A further fundamental limitation of the training success, however, was the reviewed reports themselves. In Germany, work capacity is directly assessed by medical experts. However, there may be discrepancies between the formal definition of work ability being evaluated and the actual criteria of the evaluating experts. The formal criterion for work ability in Germany is based on the number of hours per day a person could work (> 6 h, 3–6 h or < 3 h).
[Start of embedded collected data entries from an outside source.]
Lemma gmul_Vr (a : G) : gmul a (ginv a) = gone.
Proof.
  rewrite <- (gmul_1l _ (gmul a (ginv a))).
  rewrite <- (gmul_Vl _ (ginv a)) at 1.
  rewrite <- gmul_assoc, (gmul_assoc _ (ginv a) a), gmul_Vl, gmul_1l.
  apply gmul_Vl.
Qed.
Lemma gmul_1r (a : G) : gmul a gone = a.
Proof. rewrite <- (gmul_Vl _ a), gmul_assoc, gmul_Vr, gmul_1l. reflexivity. Qed.
Lemma gmul_Kl (a b : G) : gmul (ginv a) (gmul a b) = b.
Proof. rewrite gmul_assoc, gmul_Vl, gmul_1l. reflexivity. Qed.
Lemma gmul_Kr (a b : G) : gmul a (gmul (ginv a) b) = b.
Proof. rewrite gmul_assoc, gmul_Vr, gmul_1l. reflexivity. Qed.
Lemma ginv_uniq (a b : G) : gmul a b = gone -> a = ginv b.
Proof.
  intro H. rewrite <- (gmul_1r a), <- (gmul_Vr b), gmul_assoc, H, gmul_1l.
  reflexivity.
Qed.
Lemma ginv_inv (a : G) : ginv (ginv a) = a.
Proof. symmetry. apply ginv_uniq. apply gmul_Vr. Qed.
Lemma ginv_mul (a b : G) : ginv (gmul a b) = gmul (ginv b) (ginv a).
Proof.
  symmetry. apply ginv_uniq.
  rewrite <- gmul_assoc, (gmul_assoc _ (ginv a)), gmul_Vl, gmul_1l, gmul_Vl.
  reflexivity.
Qed.
Lemma ginv_one : ginv (gone : G) = gone.
Proof. symmetry. apply ginv_uniq. apply gmul_1l. Qed.
Lemma gmul_cancel_l (a b c : G) : gmul a b = gmul a c -> b = c.
Proof. intro H. rewrite <- (gmul_Kl a b), H, gmul_Kl. reflexivity. Qed.
Lemma gpow_comm (a : G) n : gmul a (gpow a n) = gmul (gpow a n) a.
Proof.
  induction n; simpl; [now rewrite gmul_1l, gmul_1r|].
  now rewrite <- gmul_assoc, <- IHn.
Qed.
Lemma gpow_conj (h a : G) n :
  gpow (gmul (gmul h a) (ginv h)) n = gmul (gmul h (gpow a n)) (ginv h).
Proof.
  induction n; simpl; [now rewrite gmul_1r, gmul_Vr|].
  rewrite IHn, !gmul_assoc, <- (gmul_assoc _ (gmul h a) (ginv h) h), gmul_Vl,
    gmul_1r.
  reflexivity.
Qed.
Lemma comm_as_conj (a b : G) :
  gmul (gmul a b) (gmul (ginv a) (ginv b))
  = gmul (gmul (gmul (gmul a b) b) (ginv (gmul a b))) (ginv b).
Proof.
  rewrite ginv_mul, !gmul_assoc, <- (gmul_assoc _ (gmul a b) b (ginv b)),
    gmul_Vr, gmul_1r.
  reflexivity.
Qed.
End GroupLaws.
In practice, this strict classification cannot always be quantified on the basis of functional limitations. Accordingly, it is possible that during personal examination, the medical expert decide on work capacity according the individual case and to a rule of thumb [34, 48]. If the assessment of work capacity is not objectively comprehensible, peers can only make difficult uniform assessments during peer review or peer-training. This may also result in low post-training reliability.

Conclusion

Peer-training prepares participating social medical practitioners for their role as peers and creates common evaluation standards. Because the German Statutory Pension Insurance desires nationwide cross-institutional application of peer reviews, the advanced module should be offered regularly (e.g. annually) as a stand-alone CPD measure for healthcare professionals active in quality assurance procedures. Annual review will maintain the effects of training and minimise peer bias. As peers usually remain the same, their experience will increase with each training session and peer review. This will have positive effects on inter-rater reliability. Evidence of this assumed effect is only verifiable with continuous re-evaluation. If reliability does not improve after repeated training, the review instrument itself should be redesigned. Following evaluation of the peer review manual [17], the German Statutory Pension Insurance considered the development of a standardized peer curriculum as a further component in implementing a quality assurance system in evaluating work capacity based on social medical experts’ reports.